What you will do. Out of the records below, copy all lines in which the word "pweightM" occurs.
** Opening Extracted material block **
Lemma mpintN f : mpint f -> mpint (- f).
Proof.
by move=> /mpintP pf; apply/mpintP => m; rewrite mcoeffN; apply: pintN.
Qed.

Lemma pi_pN f : pi_p p (- f) = - pi_p p f.
Proof. by apply: pi_pE => m; rewrite !mcoeffN red_ratN mcoeff_pi_p. Qed.

Lemma mpintB f g : mpint f -> mpint g -> mpint (f - g).
Proof. by move=> pf pg; rewrite mpintD ?mpintN. Qed.

Lemma pi_pB f g : mpint f -> mpint g -> pi_p p (f - g) = pi_p p f - pi_p p g.
Proof. by move=> pf pg; rewrite pi_pD ?mpintN // pi_pN. Qed.

Lemma mpintM f g : mpint f -> mpint g -> mpint (f * g).
Proof.
move=> /mpintP pf /mpintP pg; apply/mpintP => m.
by rewrite mcoeffM; apply: (pint_sum p_pr) => k _; apply: pintM.
Qed.

Lemma pi_pM f g : mpint f -> mpint g -> pi_p p (f * g) = pi_p p f * pi_p p g.
Proof.
move=> /mpintP pf /mpintP pg; apply: pi_pE => m.
rewrite mcoeffM (red_rat_sum p_pr) => [|k _]; last exact: pintM.
rewrite mcoeffM; apply: eq_bigr => k _.
by rewrite red_ratM //; congr (_ * _); rewrite mcoeff_pi_p.
Qed.

Lemma mpintZ c f : pint p c -> mpint f -> mpint (c *: f).
Proof.
move=> pc /mpintP pf; apply/mpintP => m.
by rewrite mcoeffZ; apply: pintM.
Qed.

Lemma pi_pZ c f : pint p c -> mpint f -> pi_p p (c *: f) = red_rat p c *: pi_p p f.
Proof.
move=> pc /mpintP pf; apply: pi_pE => m.
by rewrite !mcoeffZ red_ratM // mcoeff_pi_p.
Qed.
(* l(A/B) for submodules B ⊆ A, via the correspondence theorem: the supremum
   of lengths k of chains of submodules N_0 ⊊ ... ⊊ N_k with B ⊆ N_0, N_k ⊆ A *)
Definition quot_length (A B : M -> Prop) : \bar rat :=
  nat_sup (fun k => exists N : nat -> M -> Prop,
    (forall i, (i <= k)%N -> is_submodule (N i)) /\
    psubset B (N 0%N) /\ psubset (N k) A /\
    (forall i, (i < k)%N -> pstrict (N i) (N i.+1))).

Definition fin_gen_module : Prop :=
  exists s : seq M, forall x : M, exists c : 'I_(size s) -> R,
    x = \sum_(i < size s) c i *: s`_i.

Definition torsion_free : Prop :=
  forall (r : R) (x : M), r *: x = 0 -> r = 0 \/ x = 0.

Definition lin_indep (n : nat) (v : 'I_n -> M) : Prop :=
  forall c : 'I_n -> R, \sum_(i < n) c i *: v i = 0 -> forall i, c i = 0.

(* rank of M over the domain R: maximal number of R-linearly independent
   elements (= dim_K (K ⊗_R M), K = Frac R) *)
Definition module_rank : \bar rat :=
  nat_sup (fun n => exists v : 'I_n -> M, lin_indep v).

End CommAlg.

(* Let J ⊆ C_0 ⊊ C_1 ⊊ ... ⊊ C_k ⊆ I be integrally closed ideals and let
   v_0, ..., v_(n-1) be independent in M.  Each step C ⊊ C' refines to a strict
   chain of n submodules from C M to C' M: for x in C' \ C choose y_0, y_1, ...
   with x y_j outside C M + x (R y_0 + ... + R y_(j-1)).  If no such y_j existed,
   the determinant trick would give e = χ(x), χ the characteristic polynomial of
   a matrix with entries in C, such that e M lies in a module generated by j < n
   elements; e <> 0 since x is not integral over C, so the e v_i are dependent.
   Concatenating the refinements gives a chain of length k n from J M to I M. *)

From HB Require Import structures.
From mathcomp Require Import all_boot all_order all_algebra.
From mathcomp Require Import boolp classical_sets constructive_ereal ereal.
From mathcomp Require Import zify perm.
Set Implicit Arguments. Unset Strict Implicit. Unset Printing Implicit Defensive.
Import Order.TTheory GRing.Theory Num.Theory.
Local Open Scope ring_scope.

Section IdealPowers.
Variable R : idomainType.
Implicit Types (I : R -> Prop) (x y : R).

Lemma ideal_sum I (T : Type) (r : seq T) (P : pred T) (F : T -> R) :
  is_ideal I -> (forall i, P i -> I (F i)) -> I (\sum_(i <- r | P i) F i).
Proof. by case=> I0 ID _ HF; apply: big_ind. Qed.

Lemma ideal_mul_is_ideal I I' : is_ideal I -> is_ideal (ideal_mul I I').
Proof.
case=> _ _ IM; split.
- by exists [::]; rewrite big_nil.
- move=> _ _ [s [Hs ->]] [t [Ht ->]]; exists (s ++ t); rewrite big_cat.
  by split=> // p; rewrite mem_cat => /orP[/Hs|/Ht].
- move=> r _ [s [Hs ->]]; exists [seq (r * p.1, p.2) | p <- s]; split.
    by move=> _ /mapP[q /Hs [Hq1 Hq2] ->]; split=> //; apply: IM.
  by rewrite big_map mulr_sumr; apply: eq_bigr => p _; rewrite mulrA.
Qed.

Lemma ideal_pow_is_ideal I n : is_ideal (ideal_pow I n).
Proof. by elim: n => [|n IH]; [split | apply: ideal_mul_is_ideal]. Qed.

Lemma ideal_pow1 I x : I x -> ideal_pow I 1 x.
Proof.
move=> Ix; exists [:: (1, x)]; rewrite big_seq1 mul1r.
by split=> // p; rewrite inE => /eqP ->.
Qed.

Lemma ideal_powD_mul I a b x y :
  ideal_pow I a x -> ideal_pow I b y -> ideal_pow I (a + b) (x * y).
Proof.
elim: b y => [|b IH] y Ix.
  by rewrite addn0 mulrC => _; case: (ideal_pow_is_ideal I a) => _ _; apply.
move=> [s [Hs ->]]; rewrite addnS; exists [seq (x * p.1, p.2) | p <- s]; split.
  by move=> _ /mapP[q /Hs [Hq1 Hq2] ->]; split=> //; apply: IH.
by rewrite big_map mulr_sumr; apply: eq_bigr => p _; rewrite mulrA.
Qed.

Lemma ideal_pow_le I a b x : (a <= b)%N -> ideal_pow I b x -> ideal_pow I a x.
Proof.
elim: b x => [|b IH] x; first by rewrite leqn0 => /eqP ->.
rewrite leq_eqVlt => /orP[/eqP -> //|]; rewrite ltnS => ab [s [Hs ->]].
apply: IH => //; rewrite big_seq; apply: ideal_sum; first exact: ideal_pow_is_ideal.
move=> p /Hs [Hp1 _]; rewrite mulrC.
by case: (ideal_pow_is_ideal I b) => _ _; apply.
Qed.

(* [d - k] is truncated: coefficients of degree above [d] are unconstrained. *)
Definition pweight I d (p : {poly R}) : Prop := forall k, ideal_pow I (d - k) p`_k.

Lemma pweight0 I d : pweight I d 0.
Proof. by move=> k; rewrite coef0; case: (ideal_pow_is_ideal I (d - k)). Qed.

Lemma pweight1 I : pweight I 0 1.
Proof. by move=> k; rewrite sub0n. Qed.

Lemma pweightD I d p q : pweight I d p -> pweight I d q -> pweight I d (p + q).
Proof.
by move=> Hp Hq k; rewrite coefD; case: (ideal_pow_is_ideal I (d - k)) => _ + _; apply.
Qed.

Lemma pweightN I d p : pweight I d p -> pweight I d (- p).
Proof.
by move=> Hp k; rewrite coefN -mulN1r; case: (ideal_pow_is_ideal I (d - k)) => _ _; apply.
Qed.

Lemma pweightM I d e p q : pweight I d p -> pweight I e q -> pweight I (d + e) (p * q).
Proof.
move=> Hp Hq k; rewrite coefM; apply: ideal_sum; first exact: ideal_pow_is_ideal.
move=> [i /= ik] _; rewrite ltnS in ik.
apply: (@ideal_pow_le I _ ((d - i) + (e - (k - i)))%N); first lia.
exact: ideal_powD_mul.
Qed.

Lemma pweight_sum I d (T : finType) (F : T -> {poly R}) :
  (forall i, pweight I d (F i)) -> pweight I d (\sum_i F i).
Proof. by move=> HF; apply: big_ind => //; [apply: pweight0 | apply: pweightD]. Qed.

Lemma pweight_prod I m (F : 'I_m -> {poly R}) :
  (forall i, pweight I 1 (F i)) -> pweight I m (\prod_i F i).
Proof.
elim: m F => [|m IH] F HF; first by rewrite big_ord0; apply: pweight1.
have := pweightM (IH _ (fun i => HF (widen_ord (leqnSn m) i))) (HF ord_max).
by rewrite addn1 -big_ord_recr.
Qed.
** Closing Extracted material block **
The answer.
Lemma pweightM I d e p q : pweight I d p -> pweight I e q -> pweight I (d + e) (p * q).
have := pweightM (IH _ (fun i => HF (widen_ord (leqnSn m) i))) (HF ord_max).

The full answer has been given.